The court added that, even though the court had departed downward in imposing the original sentence and had also rejected the suggested range of imprisonment to be imposed upon revocation of supervised release based on overrepresentation of criminal history, the court considered the fact that Sanchez-Bonilla had "a number of different arrests and convictions" in addition to his convictions for illegal re-entry.
The court properly considered the fact that Sanchez-Bonilla had re-entered the country only three weeks after being deported, and the fact that he had committed offenses besides entering the United States illegally. See 18 U.S.C. § 3553(a) (1), (a) (2) (B) (court must consider circumstances of the offense, history and characteristics of defendant, and need for sentence to afford adequate deterrence); Conkins, 9 F.3d at 1385 (same).
Sanchez-Bonilla argues that the court should not have considered these factors because they are already factored into the sentencing range. This argument is based on the mistaken premise that the imposition of a consecutive sentence is equivalent to an upward departure.
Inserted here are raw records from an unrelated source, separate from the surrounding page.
(* Let $d$ be a sufficiently large integer and let $X,Y\subset\mathbb{R}^d$ be finite sets with $|Y|=C|X|$, where $C\leq\log|X|$, and such that the affine hull of $X+Y=\{x+y:x\in X,y\in Y\}$ has dimension $d$. Define $K$ by $|X|+|Y|=K(d+2)$. If $K\leq\log|X|$, then $$|X+Y|\geq\frac{|X||Y|}{2^{10}\log^2|X|}.$$ *)

(* vectors in R^d are row vectors 'rV[R]_d over R : realType;
   finite sets are finmap's {fset _}; log is MathComp-Analysis' natural log ln. *)
From HB Require Import structures.
From mathcomp Require Import all_boot all_order all_algebra.
From mathcomp Require Import finmap.
From mathcomp Require Import reals exp.
Set Implicit Arguments. Unset Strict Implicit. Unset Printing Implicit Defensive.
Import Order.TTheory GRing.Theory Num.Theory.
Local Open Scope ring_scope.
Local Open Scope fset_scope.

Definition sumset (R : realType) (d : nat) (X Y : {fset 'rV[R]_d}) : {fset 'rV[R]_d} :=
  [fset ((x : 'rV[R]_d) + y)%R | x in X, y in Y].

(* S has full affine dimension d: S is nonempty and, for some (any) x0 in S,
   the differences v - x0 (v in S) span R^d, i.e. the affine hull of S is R^d. *)
Definition full_affine_dim (R : realType) (d : nat) (S : {fset 'rV[R]_d}) : Prop :=
  exists2 x0, x0 \in S &
    \dim (<< [seq v - x0 | v <- (S : seq _)] >>)%VS = d.

From HB Require Import structures.
From mathcomp Require Import all_boot all_order all_algebra.
From mathcomp Require Import finmap.
From mathcomp Require Import reals exp zify ring lra.
Set Implicit Arguments.
Unset Strict Implicit.
Unset Printing Implicit Defensive.

(* Let V and W be the directions of the affine hulls of X and Y. Modulo V all
   of X collapses to one point, so the translates x + Y are pairwise disjoint
   once Y is cut down to one point per class modulo V; as Y still spans
   (V + W) / V, this gives |X + Y| >= |X| (dim (V + W) - dim V), and likewise
   with X and Y exchanged.  Since dim (V + W) >= d, either dim V or dim W is at
   most d/2, which gives |X + Y| >= |X| d/2 or |Y| d/2, or both exceed d/2 and
   the bound applied to dim W / 2 points of X gives |X + Y| >= (dim W / 2)^2,
   about d^2/16.  Then |X| + |Y| <= (d + 2) log |X| turns each case into the
   claim. *)

Import Order.TTheory GRing.Theory Num.Theory.
Local Open Scope ring_scope.

Lemma uniq_map_inj_in (T U : eqType) (f : T -> U) (s : seq T) :
  uniq (map f s) -> {in s &, injective f}.
Proof.
elim: s => //= x s IH /andP[fxs ufs] y z; rewrite !inE.
move=> /predU1P[->|ys] /predU1P[->|zs] // fE; last exact: IH.
- by move: fxs; rewrite fE map_f.
- by move: fxs; rewrite -fE map_f.
Qed.

Lemma exists_sub_map_undup (T U : eqType) (f : T -> U) (s : seq T) :
  exists2 s' : seq T, {subset s' <= s} & map f s' = undup (map f s).
Proof.
elim: s => [|y s [s' s's fs']] /=; first by exists [::].
case: ifP => [_ | _]; first by exists s' => // z /s's; rewrite inE orbC => ->.
by exists (y :: s') => [z|]; rewrite /= ?fs' // !inE => /predU1P[->|/s's ->];
  rewrite ?eqxx ?orbT.
Qed.

Lemma allpairs_add_uniq (U V : zmodType) (f : {additive U -> V}) (s t : seq U) :
    uniq s -> uniq (map f t) -> {in s &, forall x x', f x = f x'} ->
  uniq [seq x + y | x <- s, y <- t].
Proof.
move=> us uft fs; apply: allpairs_uniq => //; first exact: map_uniq uft.
move=> [x y] [x' y'] /allpairsP[[a b] [/= aS bT [-> ->]]].
move=> /allpairsP[[a' b'] [/= aS' bT' [-> ->]]] /= sumE.
have fbE : f b = f b'.
  by apply: (addrI (f a)); rewrite -!raddfD sumE !raddfD (fs a a').
have bE : b = b' := uniq_map_inj_in uft bT bT' fbE.
by move: sumE; rewrite bE => /addIr ->.
Qed.

Definition diffspan (K : fieldType) (vT : vectType K) (x0 : vT) (s : seq vT) :=
  <<[seq v - x0 | v <- s]>>%VS.

Section SumsetDimension.

Variables (K : fieldType) (vT : vectType K).
Implicit Types (V W : {vspace vT}) (s Xs Ys : seq vT).

Lemma dim_diffspan_undup x0 s : (\dim (diffspan x0 s) <= size (undup s))%N.
Proof.
rewrite /diffspan -(eq_span (X := [seq v - x0 | v <- undup s])).
  by rewrite (leq_trans (dim_span _)) // size_map.
by move=> v; apply/mapP/mapP => -[u us ->]; exists u; rewrite ?mem_undup in us *.
Qed.

Lemma dim_diffspan x0 s : (\dim (diffspan x0 s) <= size s)%N.
Proof. exact: leq_trans (dim_diffspan_undup _ _) (size_undup _). Qed.

Lemma limg_diffspan (wT : vectType K) (f : 'Hom(vT, wT)) x0 s :
  (f @: diffspan x0 s)%VS = diffspan (f x0) (map f s).
Proof.
rewrite limg_span -map_comp /diffspan -map_comp.
by congr <<_>>%VS; apply: eq_map => v /=; rewrite linearB.
Qed.

Lemma exists_lker V : exists f : 'End(vT), lker f = V.
Proof.
exists (\1 - projv V)%VF; apply/vspaceP => w.
rewrite memv_ker add_lfunE opp_lfunE id_lfunE subr_eq0.
by apply/eqP/idP => [->|wV]; [exact: memv_proj | rewrite projv_id].
Qed.

Lemma dimv_add_lker (wT : vectType K) (f : 'Hom(vT, wT)) V W :
  lker f = V -> \dim (V + W) = (\dim V + \dim (f @: W))%N.
Proof.
move=> kerf; rewrite -(limg_ker_dim f (V + W)) kerf (capv_idPr (addvSl _ _)).
have fV0 : (f @: V = 0)%VS by apply/eqP; rewrite -lkerE kerf.
by rewrite limgD fV0 add0v.
Qed.

Lemma card_sumset_codim Xs Ys (S : {fset vT}) x0 y0 :
    uniq Xs -> {in Xs & Ys, forall x y, x + y \in S} ->
  (size Xs * (\dim (diffspan x0 Xs + diffspan y0 Ys) - \dim (diffspan x0 Xs))
     <= #|` S|)%N.
Proof.
move=> uXs XYS; set V := diffspan x0 Xs.
have [f kerf] := exists_lker V.
have [Ys' Ys'Ys fYs'] := exists_sub_map_undup f Ys.
have fXs : {in Xs &, forall x x', f x = f x'}.
  move=> x x' xXs x'Xs; apply/eqP; rewrite -subr_eq0 -linearB /= -memv_ker kerf.
  have -> : x - x' = (x - x0) - (x' - x0) by rewrite opprB addrA subrK.
  by apply: memvB; apply: memv_span; exact: map_f.
have sumsS : {subset [seq x + y | x <- Xs, y <- Ys'] <= S}.
  by move=> _ /allpairsP[[x y] [/= xXs /Ys'Ys yYs ->]]; exact: XYS.
have uniq_sums : uniq [seq x + y | x <- Xs, y <- Ys'].
  apply: (@allpairs_add_uniq _ _ (fun_of_lfun f)) => //.
  by rewrite -[X in uniq X]/(map f Ys') fYs' undup_uniq.
apply: leq_trans (uniq_leq_size uniq_sums sumsS); rewrite size_allpairs leq_mul2l.
rewrite (dimv_add_lker _ kerf) addKn limg_diffspan.
by rewrite -(size_map f Ys') fYs' dim_diffspan_undup orbT.
Qed.

Lemma card_sumset_dim_sub Xs Ys (S : {fset vT}) y0 :
    uniq Xs -> {in Xs & Ys, forall x y, x + y \in S} ->
  (size Xs * (\dim (diffspan y0 Ys) - size Xs) <= #|` S|)%N.
Proof.
move=> uXs XYS; apply: leq_trans (card_sumset_codim 0 y0 uXs XYS).
rewrite leq_mul2l leq_sub ?orbT ?dim_diffspan //.
by apply: dimvS; apply: addvSr.
Qed.

End SumsetDimension.

Lemma sumset_card_cases (n m s d a b D : nat) :
    (d <= D)%N -> (b <= d)%N -> (a <= n)%N ->
    (n * (D - a) <= s)%N -> (m * (D - b) <= s)%N ->
    (forall t, t <= n -> t * (b - t) <= s)%N ->
  [\/ n * d <= 2 * s, m * d <= 2 * s | d * d <= 16 * s + 2 * d]%N.
Proof.
move=> dD bd an nS mS tS.
have [da | ad] := leqP (2 * a) d; first by apply: Or31; nia.
have [db | bd'] := leqP (2 * b) d; first by apply: Or32; nia.
by apply: Or33; have := tS b./2 ltac:(lia); nia.
Qed.

Lemma ln_ge_half (R : realType) (x : R) : 2 <= x -> 1 / 2 <= ln x.
Proof.
move=> x2; have x0 : 0 < x by lra.
have := @le_ln1Dx R (x^-1 - 1); rewrite [1 + _]addrC subrK lnV ?posrE //.
have : x^-1 <= 2^-1 by rewrite lef_pV2 ?posrE //; lra.
have : 0 < x^-1 by rewrite invr_gt0.
lra.
Qed.

Lemma sumset_bound_of_cases (R : realFieldType) (n m s d : nat) (L : R) :
    (10 <= d)%N -> 1 / 2 <= L -> (n + m)%:R <= L * (d + 2)%:R ->
    [\/ n * d <= 2 * s, m * d <= 2 * s | d * d <= 16 * s + 2 * d]%N ->
  (n * m)%:R <= 2 ^+ 10 * L ^+ 2 * s%:R.
Proof.
move=> d10 L_ge; rewrite -(ler_nat R) in d10.
have -> : 2 ^+ 10 = 1024 :> R by ring.
rewrite !natrD natrM; set N := n%:R; set M := m%:R; set D := d%:R => nmL cases.
have [N0 M0 s0] : [/\ 0 <= N, 0 <= M & 0 <= s%:R :> R] by [].
have Ls0 : 0 <= L * s%:R by apply: mulr_ge0 => //; lra.
have small_case k : (k * d <= 2 * s)%N -> N * M <= k%:R * (N + M) ->
    N * M <= 1024 * L ^+ 2 * s%:R.
  rewrite -(ler_nat R) !natrM -/D => kd nmk; have k0 : 0 <= k%:R :> R by [].
  have kS : k%:R * D + 2 * k%:R <= 3 * s%:R by nra.
  have : k%:R * (N + M) <= L * (3 * s%:R) by nra.
  nra.
case: cases => [nd | md | dd]; first (by apply: small_case nd _; nra);
  first by apply: small_case md _; nra.
move: dd; rewrite -(ler_nat R) natrD !natrM -/D => dd.
have : 4 * (N * M) <= (N + M) ^+ 2 by have := sqr_ge0 (N - M); rewrite !expr2; nra.
have : (N + M) ^+ 2 <= (L * (D + 2)) ^+ 2 by rewrite ler_pXn2r ?nnegrE //; nra.
have : (D + 2) ^+ 2 <= 32 * s%:R by rewrite expr2; nra.
have : 0 <= L ^+ 2 * s%:R by rewrite mulr_ge0 ?sqr_ge0.
rewrite exprMn => L2s0 /(ler_wpM2l (sqr_ge0 L)); lra.
Qed.

Lemma mem_sumset (R : realType) (d : nat) (X Y : {fset 'rV[R]_d}) :
  {in X & Y, forall x y, x + y \in sumset X Y}.
Proof. by move=> x y xX yY; apply/imfset2P; exists x => //; exists y. Qed.

Lemma sumsetP (R : realType) (d : nat) (X Y : {fset 'rV[R]_d}) z :
  z \in sumset X Y -> exists2 x, x \in X & exists2 y, y \in Y & z = x + y.
Proof. by move=> /imfset2P. Qed.

Lemma diffspan_sumset (R : realType) (d : nat) (X Y : {fset 'rV[R]_d}) x0 y0 :
  (diffspan (x0 + y0) (sumset X Y) <= diffspan x0 X + diffspan y0 Y)%VS.
Proof.
apply/span_subvP => _ /mapP[_ /sumsetP[x xX [y yY ->]] ->].
rewrite opprD addrACA; apply: memv_add; apply: memv_span; apply/mapP.
  by exists x.
by exists y.
Qed.

Local Open Scope fset_scope.

Theorem lemma17 (R : realType) :
  exists d0 : nat, forall (d : nat), (d0 <= d)%N ->
  forall X Y : {fset 'rV[R]_d},
    full_affine_dim (sumset X Y) ->
    (* C := |Y|/|X| <= log |X| *)
    (#|` Y|%:R <= ln (#|` X|%:R) * #|` X|%:R :> R) ->
    (* K := (|X|+|Y|)/(d+2) <= log |X| *)
    ((#|` X| + #|` Y|)%:R <= ln (#|` X|%:R) * (d + 2)%:R :> R) ->
    #|` sumset X Y|%:R >=
      (#|` X| * #|` Y|)%:R / (2 ^+ 10 * (ln (#|` X|%:R : R)) ^+ 2) :> R.
Proof.
exists 10%N => d d10 X Y [_ /sumsetP[x0 x0X [y0 y0Y ->]] full] hC hK.
have XYS := @mem_sumset R d X Y.
have YXS : {in Y & X, forall y x, (y + x)%R \in sumset X Y}.
  by move=> y x yY xX; rewrite addrC XYS.
have dim_sum : (d <= \dim (diffspan x0 X + diffspan y0 Y))%N.
  by rewrite -[X in (X <= _)%N]full; apply/dimvS/diffspan_sumset.
have dim_le_d (U : {vspace 'rV[R]_d}) : (\dim U <= d)%N.
  by rewrite (leq_trans (dimvS (subvf U))) // dimvf dim_matrix mul1r.
have n_ge2 : (2 <= #|` X|)%N.
  have m_gt0 : (0 < #|` Y|)%N by rewrite cardfs_gt0; apply/fset0Pn; exists y0.
  rewrite leqNgt; apply/negP => n_le1; move: hC; apply/negP; rewrite -ltNge.
  apply: le_lt_trans (_ : 0 < #|` Y|%:R) ; last by rewrite ltr0n.
  by rewrite mulr_le0_ge0 // ln_le0 // lern1 -ltnS.
have L_ge : 1 / 2 <= ln (#|` X|%:R : R) by apply: ln_ge_half; rewrite ler_nat.
rewrite ler_pdivrMr; last by rewrite mulr_gt0 ?exprn_gt0 //; lra.
rewrite [X in _ <= X]mulrC; apply: sumset_bound_of_cases d10 L_ge hK _.
apply: (sumset_card_cases dim_sum (dim_le_d _) (dim_diffspan _ _)).
- exact: card_sumset_codim (fset_uniq X) XYS.
- by rewrite addvC; exact: card_sumset_codim (fset_uniq Y) YXS.
- move=> t tn; rewrite -(size_takel tn).
  apply: card_sumset_dim_sub (take_uniq t (fset_uniq X)) _ => x y /mem_take.
  exact: XYS.
Qed.
(* Fix the base point v0 of a loop and induct on the largest distance K from v0
   of a vertex of the loop. Sweeping the loop from v0, every vertex v at distance
   K sits between a vertex a at distance < K and a vertex b at distance <= K.
   If b lies at distance K, the triangle condition gives a common predecessor u of
   v and b, which may be inserted between them. Now both neighbours of v lie in
   pred(v), and the interval condition gives a walk from one to the other inside
   pred(v); since every vertex of pred(v) is adjacent to v, v can be traded for
   that walk one triangle at a time. The resulting loop stays within distance
   K - 1, and a loop within distance 0 is constant. *)

Lemma app_snoc_cons {A} (s l : list A) a : s ++ a :: l = (s ++ [a]) ++ l.
Proof. rewrite <- app_assoc; reflexivity. Qed.

Section Loops.
Variable V : Type.
Variable adj : V -> V -> Prop.

Definition adjr (x y : V) : Prop := adj x y \/ x = y.

Fixpoint linked (l : list V) : Prop :=
  match l with
  | x :: ((y :: _) as t) => adjr x y /\ linked t
  | _ => True
  end.

Lemma chain_linked x s : chain V adj x s <-> linked (x :: s).
Proof.
  revert x; induction s as [|y s IH]; intros x; simpl; [tauto|].
  rewrite IH; destruct s; simpl; unfold adjr; tauto.
Qed.

Lemma linked_app s a t :
  linked (s ++ a :: t) <-> linked (s ++ [a]) /\ linked (a :: t).
Proof.
  induction s as [|x [|y s] IH]; simpl in *; [tauto|tauto|].
  rewrite IH; tauto.
Qed.

Lemma last_app_cons (p q : list V) z d : last (p ++ z :: q) d = last (z :: q) d.
Proof.
  induction p as [|x p IH]; [reflexivity|].
  simpl; rewrite IH; destruct p, q; reflexivity.
Qed.

Lemma last_cons_self (x : V) s : last (x :: s) x = last s x.
Proof.
  destruct s as [|y s]; [reflexivity|].
  simpl; revert y; induction s as [|z s IH]; intros y; [reflexivity|apply IH].
Qed.

Lemma is_loop_linked l :
  is_loop V adj l <-> exists x, hd_error l = Some x /\ linked l /\ last l x = x.
Proof.
  split.
  - intros [x [s [-> [Hc Hl]]]]; exists x.
    rewrite <- chain_linked, last_cons_self; auto.
  - intros [x [Hh [Hc Hl]]]; destruct l as [|y s]; [discriminate|].
    injection Hh as ->; exists x, s.
    rewrite chain_linked, <- last_cons_self; auto.
Qed.

Lemma is_loop_splice s1 s2 a b mid mid' :
  is_loop V adj (s1 ++ a :: mid ++ b :: s2) -> linked (a :: mid' ++ [b]) ->
  is_loop V adj (s1 ++ a :: mid' ++ b :: s2).
Proof.
  rewrite !is_loop_linked; intros [x [Hh [Hc Hl]]] Hm; exists x; split; [|split].
  - destruct s1; exact Hh.
  - apply linked_app in Hc; destruct Hc as [Hc1 Hc2].
    apply linked_app; split; [exact Hc1|].
    change (linked ((a :: mid) ++ b :: s2)) in Hc2.
    change (linked ((a :: mid') ++ b :: s2)).
    apply linked_app in Hc2; apply linked_app; tauto.
  - rewrite app_comm_cons, app_assoc, last_app_cons in Hl |- *; exact Hl.
Qed.

Lemma is_loop_adjr_around s1 s2 a v b :
  is_loop V adj (s1 ++ a :: v :: b :: s2) -> adjr a v /\ adjr v b.
Proof.
  rewrite is_loop_linked; intros [_ [_ [Hc _]]].
  apply linked_app in Hc; simpl in Hc; tauto.
Qed.

Lemma elem_homotopy_delete s1 s2 a x b :
  is_loop V adj (s1 ++ a :: x :: b :: s2) -> adjr a b ->
  elem_homotopy V adj (s1 ++ a :: x :: b :: s2) (s1 ++ a :: b :: s2).
Proof.
  intros Hl Hab; split; [exact Hl|split].
  - exact (is_loop_splice s1 s2 a b [x] [] Hl (conj Hab I)).
  - left; right; exists s1, a, x, b, s2; unfold adjr in Hab; intuition.
Qed.

Lemma elem_homotopy_insert s1 s2 a x b :
  is_loop V adj (s1 ++ a :: b :: s2) -> adjr a x -> adjr x b -> adjr a b ->
  elem_homotopy V adj (s1 ++ a :: b :: s2) (s1 ++ a :: x :: b :: s2).
Proof.
  intros Hl Hax Hxb Hab; split; [exact Hl|split].
  - exact (is_loop_splice s1 s2 a b [] [x] Hl (conj Hax (conj Hxb I))).
  - right; right; exists s1, a, x, b, s2; unfold adjr in Hab; intuition.
Qed.

Lemma elem_homotopy_dedup x s :
  is_loop V adj (x :: x :: s) -> elem_homotopy V adj (x :: x :: s) (x :: s).
Proof.
  intros Hl; split; [exact Hl|split].
  - rewrite is_loop_linked in *; destruct Hl as [y [Hh [Hc Hl]]].
    injection Hh as <-; exists x; split; [reflexivity|split].
    + exact (proj2 Hc).
    + rewrite last_cons_self in Hl; exact Hl.
  - left; left; exists [], x, x, s; auto.
Qed.

Lemma homotopic_of_elem l1 l2 :
  elem_homotopy V adj l1 l2 -> homotopic V adj l1 l2.
Proof. intros H; eapply homotopic_step; [exact H|constructor]. Qed.

Lemma homotopic_trans l1 l2 l3 :
  homotopic V adj l1 l2 -> homotopic V adj l2 l3 -> homotopic V adj l1 l3.
Proof. induction 1; intros; [assumption|eapply homotopic_step; eauto]. Qed.

Lemma homotopic_is_loop l1 l2 :
  homotopic V adj l1 l2 -> is_loop V adj l1 -> is_loop V adj l2.
Proof. induction 1 as [|l1 l2 l3 [_ [H _]]]; auto. Qed.

Lemma homotopic_const_loop x s :
  Forall (eq x) s -> is_loop V adj (x :: s) -> homotopic V adj (x :: s) [x].
Proof.
  induction s as [|y s IH]; intros Hs Hl; [constructor|].
  inversion Hs; subst.
  pose proof (elem_homotopy_dedup y s Hl) as E.
  eapply homotopic_step; [exact E|]; apply IH; [assumption|apply E].
Qed.

(* Each vertex of the walk is inserted between a and v (one triangle, since it
   is adjacent to v), and then the vertex before it is no longer needed. *)
Lemma homotopic_detour (P : V -> Prop) a b :
  walk_in V adj P a b -> forall s1 s2 v, (forall p, P p -> adj p v) ->
  is_loop V adj (s1 ++ a :: v :: b :: s2) ->
  exists t, Forall P t /\
    homotopic V adj (s1 ++ a :: v :: b :: s2) (s1 ++ a :: t ++ b :: s2).
Proof.
  induction 1 as [a Pa|a c b Pa Hac Hw IH]; intros s1 s2 v HP Hl.
  - exists []; split; [constructor|].
    apply homotopic_of_elem, elem_homotopy_delete; [exact Hl|right; reflexivity].
  - assert (Pc : P c) by (destruct Hw; assumption).
    pose proof (elem_homotopy_insert s1 (b :: s2) a c v Hl (or_introl Hac)
      (or_introl (HP c Pc)) (or_introl (HP a Pa))) as E.
    assert (Hl2 := proj1 (proj2 E)); rewrite (app_snoc_cons s1 _ a) in Hl2.
    destruct (IH (s1 ++ [a]) s2 v HP Hl2) as [t [Ht Hh]].
    exists (c :: t); split; [constructor; assumption|].
    eapply homotopic_step; [exact E|].
    rewrite <- !app_snoc_cons in Hh; exact Hh.
Qed.

End Loops.

Section Distance.
Variable V : Type.
Variable adj : V -> V -> Prop.

Lemma walkn_snoc n u w v : walkn V adj n u w -> adj w v -> walkn V adj (S n) u v.
Proof. induction 1; intros; econstructor; eauto using walkn_refl. Qed.

Lemma dist_exists : connected_graph V adj -> forall u v, exists k, dist V adj u v k.
Proof.
  intros Hc u v.
  destruct (dec_inh_nat_subset_has_unique_least_element (fun n => walkn V adj n u v)
    (fun n => classic _) (Hc u v)) as [k [Hk _]].
  exists k; exact Hk.
Qed.
(* Consider the networked feedback system described in the context, under the input assumption stated there. Then for any integers $k_1\ge k_2\ge 0$, the random variable $\tau_{k_1}$ is independent of the channel inputs $u(k_1)$ and $u(k_2)$.
   Context: Setting: $P$ is a single-input single-output discrete-time linear time-invariant plant which is strictly proper (relative degree $\ge 1$), and $K$ is a proper SISO LTI controller. Let $\tau\ge0$ be an integer, $\mathcal D=\{0,\dots,\tau\}$, and $\{\tau_n\}$ an i.i.d. sequence with values in $\mathcal D$, $\Pr\{\tau_n=i\}=p_i$, $\sum_i p_i=1$ ($\tau_n$ is the delay of the datum sent at time $n$). With fixed real weights $\alpha_0,\dots,\alpha_\tau$ and Kronecker delta $\delta$, the channel maps its input $u$ to $u_d(k)=\sum_{i=0}^{\tau}\alpha_i\delta(\tau_{k-i}-i)u(k-i)$. The closed loop is: plant input $v(k)-u_d(k)$, plant output $y=P(v-u_d)$, controller output $u=Ky$; all signals are real and the system is at rest at $k=0$ (all signals vanish for $k<0$). Input assumption: $\{\tau_n\}$ is independent of $\{v(k)\}$, and $\{v(k)\}$ is a zero-mean white noise (independent values) with bounded variances $\sigma_v^2(k)$. *)

From HB Require Import structures.
From mathcomp Require Import all_boot all_order all_algebra.
From mathcomp Require Import all_classical all_reals all_analysis.
Set Implicit Arguments. Unset Strict Implicit. Unset Printing Implicit Defensive.
Import Order.TTheory GRing.Theory Num.Theory.
Local Open Scope classical_set_scope.
Local Open Scope ring_scope.

Section independence.
Context d (T : measurableType d) (R : realType) (P : probability T R).
Local Open Scope ereal_scope.

Definition rv_events d' (U : measurableType d') (X : T -> U) : set (set T) :=
  [set X @^-1` B | B in measurable].

Definition mutually_independent (I : eqType) (F : I -> set (set T)) :=
  forall (J : seq I) (E : I -> set T), uniq J ->
    (forall i, i \in J -> F i (E i)) ->
    P (\big[setI/setT]_(i <- J) E i) = \prod_(i <- J) P (E i).

(* independence of two families of sigma-algebras (i.e. of the
   sigma-algebras they generate): every finite intersection of events of
   the first family is independent of every finite intersection of events
   of the second family *)
Definition independent_families (I1 I2 : eqType)
    (F1 : I1 -> set (set T)) (F2 : I2 -> set (set T)) :=
  forall (J1 : seq I1) (J2 : seq I2) (E1 : I1 -> set T) (E2 : I2 -> set T),
    (forall i, i \in J1 -> F1 i (E1 i)) ->
    (forall i, i \in J2 -> F2 i (E2 i)) ->
    P ((\big[setI/setT]_(i <- J1) E1 i) `&` (\big[setI/setT]_(j <- J2) E2 j))
    = P (\big[setI/setT]_(i <- J1) E1 i) * P (\big[setI/setT]_(j <- J2) E2 j).

Definition independent_rv d1 d2 (U1 : measurableType d1)
    (U2 : measurableType d2) (X : T -> U1) (Y : T -> U2) :=
  forall (A : set U1) (B : set U2), measurable A -> measurable B ->
    P (X @^-1` A `&` Y @^-1` B) = P (X @^-1` A) * P (Y @^-1` B).

End independence.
See Conkins, 9 F.3d at 1385 (consecutive sentences not equivalent to an upward departure; "calculation of what a combined, concurrent sentence would have been is irrelevant" where the court imposed a consecutive sentence and the sentence imposed actually represented a downward departure); cf. United States v. Pedrioli, 931 F.2d 31, 32 (9th Cir. 1991) (if court declines to follow Chapter 5 Guideline concerning concurrent sentences, it must follow the usual departure procedures and explain its reasons).